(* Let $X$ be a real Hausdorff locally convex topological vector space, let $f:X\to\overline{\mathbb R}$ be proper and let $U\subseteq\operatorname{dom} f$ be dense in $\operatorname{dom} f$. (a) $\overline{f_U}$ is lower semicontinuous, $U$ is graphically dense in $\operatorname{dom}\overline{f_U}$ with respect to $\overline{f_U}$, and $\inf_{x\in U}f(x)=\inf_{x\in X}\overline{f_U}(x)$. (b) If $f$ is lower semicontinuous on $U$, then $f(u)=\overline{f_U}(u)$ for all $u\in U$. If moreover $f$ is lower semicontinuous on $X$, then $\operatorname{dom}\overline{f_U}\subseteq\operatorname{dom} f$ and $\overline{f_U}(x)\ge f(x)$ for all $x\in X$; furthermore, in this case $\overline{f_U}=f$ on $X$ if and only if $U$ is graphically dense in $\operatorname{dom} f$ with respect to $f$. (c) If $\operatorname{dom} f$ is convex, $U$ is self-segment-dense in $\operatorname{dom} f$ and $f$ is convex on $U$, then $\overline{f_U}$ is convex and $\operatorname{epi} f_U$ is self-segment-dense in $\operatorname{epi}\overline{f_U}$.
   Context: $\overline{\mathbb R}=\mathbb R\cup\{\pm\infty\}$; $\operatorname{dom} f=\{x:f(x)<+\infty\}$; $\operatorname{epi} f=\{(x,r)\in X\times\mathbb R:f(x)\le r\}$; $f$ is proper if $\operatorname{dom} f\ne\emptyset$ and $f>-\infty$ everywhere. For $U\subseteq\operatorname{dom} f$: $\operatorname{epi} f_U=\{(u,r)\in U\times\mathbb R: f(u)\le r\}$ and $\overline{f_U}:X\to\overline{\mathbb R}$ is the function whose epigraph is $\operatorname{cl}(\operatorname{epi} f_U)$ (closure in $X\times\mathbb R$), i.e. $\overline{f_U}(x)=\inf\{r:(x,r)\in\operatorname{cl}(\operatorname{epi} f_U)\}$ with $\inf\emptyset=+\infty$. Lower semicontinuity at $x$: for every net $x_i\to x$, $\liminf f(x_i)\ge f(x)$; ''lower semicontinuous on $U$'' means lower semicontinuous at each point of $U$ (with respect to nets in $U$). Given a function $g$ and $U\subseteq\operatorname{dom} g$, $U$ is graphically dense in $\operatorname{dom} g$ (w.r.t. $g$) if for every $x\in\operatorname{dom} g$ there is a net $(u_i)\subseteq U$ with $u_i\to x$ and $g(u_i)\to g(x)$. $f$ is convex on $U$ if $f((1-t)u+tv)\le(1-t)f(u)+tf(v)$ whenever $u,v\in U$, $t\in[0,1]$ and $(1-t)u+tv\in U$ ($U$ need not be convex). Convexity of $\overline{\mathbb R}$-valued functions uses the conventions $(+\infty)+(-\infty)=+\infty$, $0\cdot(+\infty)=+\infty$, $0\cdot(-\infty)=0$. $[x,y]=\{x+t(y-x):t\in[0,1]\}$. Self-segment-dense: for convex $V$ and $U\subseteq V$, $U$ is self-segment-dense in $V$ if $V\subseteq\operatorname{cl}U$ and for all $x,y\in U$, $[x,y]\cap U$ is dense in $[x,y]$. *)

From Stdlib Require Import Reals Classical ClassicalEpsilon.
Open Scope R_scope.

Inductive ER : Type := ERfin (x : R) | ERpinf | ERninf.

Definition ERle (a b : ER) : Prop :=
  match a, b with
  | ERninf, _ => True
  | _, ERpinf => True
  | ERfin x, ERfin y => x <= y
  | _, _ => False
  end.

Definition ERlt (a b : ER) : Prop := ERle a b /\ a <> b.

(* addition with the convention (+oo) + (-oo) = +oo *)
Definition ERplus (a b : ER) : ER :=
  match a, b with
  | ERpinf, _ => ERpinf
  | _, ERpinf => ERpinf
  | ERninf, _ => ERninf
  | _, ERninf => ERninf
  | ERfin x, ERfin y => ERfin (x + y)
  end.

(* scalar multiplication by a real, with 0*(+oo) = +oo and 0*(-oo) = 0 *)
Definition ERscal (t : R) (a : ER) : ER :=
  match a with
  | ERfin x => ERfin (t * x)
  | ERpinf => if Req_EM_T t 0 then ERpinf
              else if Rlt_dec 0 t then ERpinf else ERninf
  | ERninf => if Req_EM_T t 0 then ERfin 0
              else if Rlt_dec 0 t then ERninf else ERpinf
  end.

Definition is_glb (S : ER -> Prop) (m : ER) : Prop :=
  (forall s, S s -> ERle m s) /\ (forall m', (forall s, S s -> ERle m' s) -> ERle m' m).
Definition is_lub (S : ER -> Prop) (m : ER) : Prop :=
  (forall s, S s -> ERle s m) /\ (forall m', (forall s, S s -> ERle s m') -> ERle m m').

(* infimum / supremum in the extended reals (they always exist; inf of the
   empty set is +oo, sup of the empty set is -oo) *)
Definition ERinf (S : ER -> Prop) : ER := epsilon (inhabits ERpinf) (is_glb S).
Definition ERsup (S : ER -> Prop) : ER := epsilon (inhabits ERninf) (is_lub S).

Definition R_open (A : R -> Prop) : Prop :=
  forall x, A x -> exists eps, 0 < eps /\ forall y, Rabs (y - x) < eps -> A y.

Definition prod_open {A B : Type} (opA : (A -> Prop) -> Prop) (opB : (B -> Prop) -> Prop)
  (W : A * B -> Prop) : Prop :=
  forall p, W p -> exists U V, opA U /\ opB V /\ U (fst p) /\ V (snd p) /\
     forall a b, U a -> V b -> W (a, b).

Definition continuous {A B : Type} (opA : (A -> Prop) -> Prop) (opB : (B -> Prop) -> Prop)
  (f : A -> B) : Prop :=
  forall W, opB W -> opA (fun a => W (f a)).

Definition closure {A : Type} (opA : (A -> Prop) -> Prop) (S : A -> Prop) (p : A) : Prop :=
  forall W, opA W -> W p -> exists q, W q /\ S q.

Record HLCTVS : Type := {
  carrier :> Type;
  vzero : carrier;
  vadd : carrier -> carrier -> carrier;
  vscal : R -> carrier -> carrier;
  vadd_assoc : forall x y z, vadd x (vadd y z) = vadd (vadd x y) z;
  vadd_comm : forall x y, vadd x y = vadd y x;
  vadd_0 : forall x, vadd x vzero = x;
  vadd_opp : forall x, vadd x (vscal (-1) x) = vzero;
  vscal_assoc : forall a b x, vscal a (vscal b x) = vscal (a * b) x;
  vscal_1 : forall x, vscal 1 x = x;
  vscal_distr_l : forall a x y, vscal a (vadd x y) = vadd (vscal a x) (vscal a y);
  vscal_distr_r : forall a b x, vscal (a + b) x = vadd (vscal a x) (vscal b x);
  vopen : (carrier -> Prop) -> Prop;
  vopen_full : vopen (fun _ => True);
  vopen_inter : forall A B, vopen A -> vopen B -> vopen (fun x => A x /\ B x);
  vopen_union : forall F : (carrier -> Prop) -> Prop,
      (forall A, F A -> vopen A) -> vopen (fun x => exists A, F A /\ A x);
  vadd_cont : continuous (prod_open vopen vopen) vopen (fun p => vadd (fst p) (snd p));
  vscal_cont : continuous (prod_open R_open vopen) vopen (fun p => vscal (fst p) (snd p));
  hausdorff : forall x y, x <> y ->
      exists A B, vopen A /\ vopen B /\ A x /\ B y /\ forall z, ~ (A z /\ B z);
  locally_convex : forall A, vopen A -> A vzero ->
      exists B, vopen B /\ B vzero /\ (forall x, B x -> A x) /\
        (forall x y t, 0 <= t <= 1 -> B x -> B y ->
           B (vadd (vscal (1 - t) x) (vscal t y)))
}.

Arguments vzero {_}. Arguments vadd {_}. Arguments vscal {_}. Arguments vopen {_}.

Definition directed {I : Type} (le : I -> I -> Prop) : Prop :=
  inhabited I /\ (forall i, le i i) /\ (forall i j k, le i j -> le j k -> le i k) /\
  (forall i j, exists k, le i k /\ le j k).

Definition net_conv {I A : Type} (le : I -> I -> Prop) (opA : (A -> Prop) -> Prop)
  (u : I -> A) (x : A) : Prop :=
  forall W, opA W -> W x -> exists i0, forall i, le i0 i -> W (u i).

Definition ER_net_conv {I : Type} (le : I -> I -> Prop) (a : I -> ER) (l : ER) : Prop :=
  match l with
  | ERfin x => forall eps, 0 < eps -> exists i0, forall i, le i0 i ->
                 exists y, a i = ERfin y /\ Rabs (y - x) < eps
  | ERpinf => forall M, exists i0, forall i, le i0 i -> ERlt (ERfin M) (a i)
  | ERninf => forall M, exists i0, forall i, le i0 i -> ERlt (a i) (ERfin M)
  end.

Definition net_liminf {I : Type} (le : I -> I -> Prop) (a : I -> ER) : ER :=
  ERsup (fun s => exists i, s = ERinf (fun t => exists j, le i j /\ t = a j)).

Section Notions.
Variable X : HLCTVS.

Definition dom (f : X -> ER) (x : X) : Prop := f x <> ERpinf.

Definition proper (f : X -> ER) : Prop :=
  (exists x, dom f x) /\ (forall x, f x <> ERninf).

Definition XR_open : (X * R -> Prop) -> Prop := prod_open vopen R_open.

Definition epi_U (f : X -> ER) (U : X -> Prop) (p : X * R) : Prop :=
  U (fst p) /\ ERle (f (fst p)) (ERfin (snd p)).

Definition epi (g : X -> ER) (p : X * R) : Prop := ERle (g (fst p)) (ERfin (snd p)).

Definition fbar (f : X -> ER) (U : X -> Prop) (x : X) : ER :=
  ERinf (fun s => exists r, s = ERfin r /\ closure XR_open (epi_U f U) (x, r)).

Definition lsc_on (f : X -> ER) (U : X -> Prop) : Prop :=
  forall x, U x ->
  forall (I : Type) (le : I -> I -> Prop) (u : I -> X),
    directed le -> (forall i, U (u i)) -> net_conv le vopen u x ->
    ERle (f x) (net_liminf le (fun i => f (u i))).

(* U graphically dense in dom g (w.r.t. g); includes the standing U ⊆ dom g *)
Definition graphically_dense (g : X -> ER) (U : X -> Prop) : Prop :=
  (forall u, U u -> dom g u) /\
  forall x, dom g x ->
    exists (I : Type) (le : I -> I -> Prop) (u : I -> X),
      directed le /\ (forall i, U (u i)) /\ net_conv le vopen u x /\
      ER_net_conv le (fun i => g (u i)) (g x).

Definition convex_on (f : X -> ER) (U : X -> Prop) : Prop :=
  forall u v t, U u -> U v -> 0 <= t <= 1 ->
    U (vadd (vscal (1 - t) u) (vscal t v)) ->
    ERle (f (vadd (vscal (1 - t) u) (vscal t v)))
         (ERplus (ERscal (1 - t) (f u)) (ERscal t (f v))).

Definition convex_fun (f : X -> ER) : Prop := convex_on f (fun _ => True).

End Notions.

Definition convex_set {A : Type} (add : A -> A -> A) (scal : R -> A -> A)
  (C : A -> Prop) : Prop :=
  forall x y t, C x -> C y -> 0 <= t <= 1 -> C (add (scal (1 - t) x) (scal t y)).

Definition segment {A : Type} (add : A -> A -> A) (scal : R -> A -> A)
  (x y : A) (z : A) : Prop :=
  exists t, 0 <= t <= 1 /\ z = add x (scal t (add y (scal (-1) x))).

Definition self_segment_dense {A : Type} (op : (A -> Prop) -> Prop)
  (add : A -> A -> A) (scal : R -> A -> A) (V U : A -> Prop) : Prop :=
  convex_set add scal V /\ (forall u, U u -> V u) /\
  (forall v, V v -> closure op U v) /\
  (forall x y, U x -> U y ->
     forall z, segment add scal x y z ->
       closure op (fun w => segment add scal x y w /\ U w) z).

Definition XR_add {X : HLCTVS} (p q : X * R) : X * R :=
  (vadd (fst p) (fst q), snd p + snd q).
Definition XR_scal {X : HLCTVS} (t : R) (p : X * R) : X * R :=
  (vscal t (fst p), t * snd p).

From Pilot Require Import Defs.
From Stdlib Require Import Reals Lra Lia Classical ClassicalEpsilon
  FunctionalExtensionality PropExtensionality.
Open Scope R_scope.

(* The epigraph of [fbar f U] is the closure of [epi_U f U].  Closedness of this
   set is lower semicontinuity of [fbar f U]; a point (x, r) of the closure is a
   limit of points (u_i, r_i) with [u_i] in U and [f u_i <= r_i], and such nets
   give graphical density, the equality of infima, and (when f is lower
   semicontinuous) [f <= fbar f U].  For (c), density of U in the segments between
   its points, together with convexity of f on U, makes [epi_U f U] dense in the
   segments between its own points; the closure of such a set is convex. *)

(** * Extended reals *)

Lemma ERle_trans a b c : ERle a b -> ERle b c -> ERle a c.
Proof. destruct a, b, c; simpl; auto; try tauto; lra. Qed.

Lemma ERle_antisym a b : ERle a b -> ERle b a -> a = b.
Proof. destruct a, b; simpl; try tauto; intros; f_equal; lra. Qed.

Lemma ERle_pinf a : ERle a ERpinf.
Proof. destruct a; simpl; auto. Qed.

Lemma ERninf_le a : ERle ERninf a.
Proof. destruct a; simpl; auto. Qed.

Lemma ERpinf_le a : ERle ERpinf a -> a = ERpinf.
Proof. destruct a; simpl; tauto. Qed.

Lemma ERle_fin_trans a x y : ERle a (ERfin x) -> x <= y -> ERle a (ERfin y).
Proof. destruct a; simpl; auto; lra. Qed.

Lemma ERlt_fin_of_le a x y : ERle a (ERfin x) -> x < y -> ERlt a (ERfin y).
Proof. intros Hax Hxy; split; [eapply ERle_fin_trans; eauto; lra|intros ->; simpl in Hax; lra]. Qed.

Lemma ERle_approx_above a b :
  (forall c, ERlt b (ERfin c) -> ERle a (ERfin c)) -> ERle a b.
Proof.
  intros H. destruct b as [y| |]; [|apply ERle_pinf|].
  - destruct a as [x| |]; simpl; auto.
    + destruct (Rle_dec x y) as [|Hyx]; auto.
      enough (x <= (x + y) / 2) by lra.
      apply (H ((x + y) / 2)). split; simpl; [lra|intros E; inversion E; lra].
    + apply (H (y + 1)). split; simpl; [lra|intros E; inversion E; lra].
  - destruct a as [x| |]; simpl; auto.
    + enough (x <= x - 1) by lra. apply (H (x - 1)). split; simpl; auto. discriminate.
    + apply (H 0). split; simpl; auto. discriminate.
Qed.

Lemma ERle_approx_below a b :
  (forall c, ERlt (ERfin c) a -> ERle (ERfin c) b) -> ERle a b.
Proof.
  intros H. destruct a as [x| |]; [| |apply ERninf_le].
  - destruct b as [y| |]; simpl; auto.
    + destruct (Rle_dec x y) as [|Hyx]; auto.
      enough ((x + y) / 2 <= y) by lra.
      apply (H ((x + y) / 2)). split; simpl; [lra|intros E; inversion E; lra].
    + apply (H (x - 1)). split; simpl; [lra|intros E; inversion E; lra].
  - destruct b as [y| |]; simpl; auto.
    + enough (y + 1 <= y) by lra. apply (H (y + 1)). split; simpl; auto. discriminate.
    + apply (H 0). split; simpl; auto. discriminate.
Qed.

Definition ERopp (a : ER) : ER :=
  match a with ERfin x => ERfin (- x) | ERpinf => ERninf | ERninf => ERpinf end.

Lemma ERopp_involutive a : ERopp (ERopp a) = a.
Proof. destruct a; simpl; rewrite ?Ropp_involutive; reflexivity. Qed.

-.-.-

**Task directions**
Wherever the string "split" appears in the entries, copy that line.

**Answer to the problem**
Proof. intros Hax Hxy; split; [eapply ERle_fin_trans; eauto; lra|intros ->; simpl in Hax; lra]. Qed.
      apply (H ((x + y) / 2)). split; simpl; [lra|intros E; inversion E; lra].
    + apply (H (y + 1)). split; simpl; [lra|intros E; inversion E; lra].
    + enough (x <= x - 1) by lra. apply (H (x - 1)). split; simpl; auto. discriminate.
    + apply (H 0). split; simpl; auto. discriminate.
      apply (H ((x + y) / 2)). split; simpl; [lra|intros E; inversion E; lra].
    + apply (H (x - 1)). split; simpl; [lra|intros E; inversion E; lra].
    + enough (y + 1 <= y) by lra. apply (H (y + 1)). split; simpl; auto. discriminate.
    + apply (H 0). split; simpl; auto. discriminate.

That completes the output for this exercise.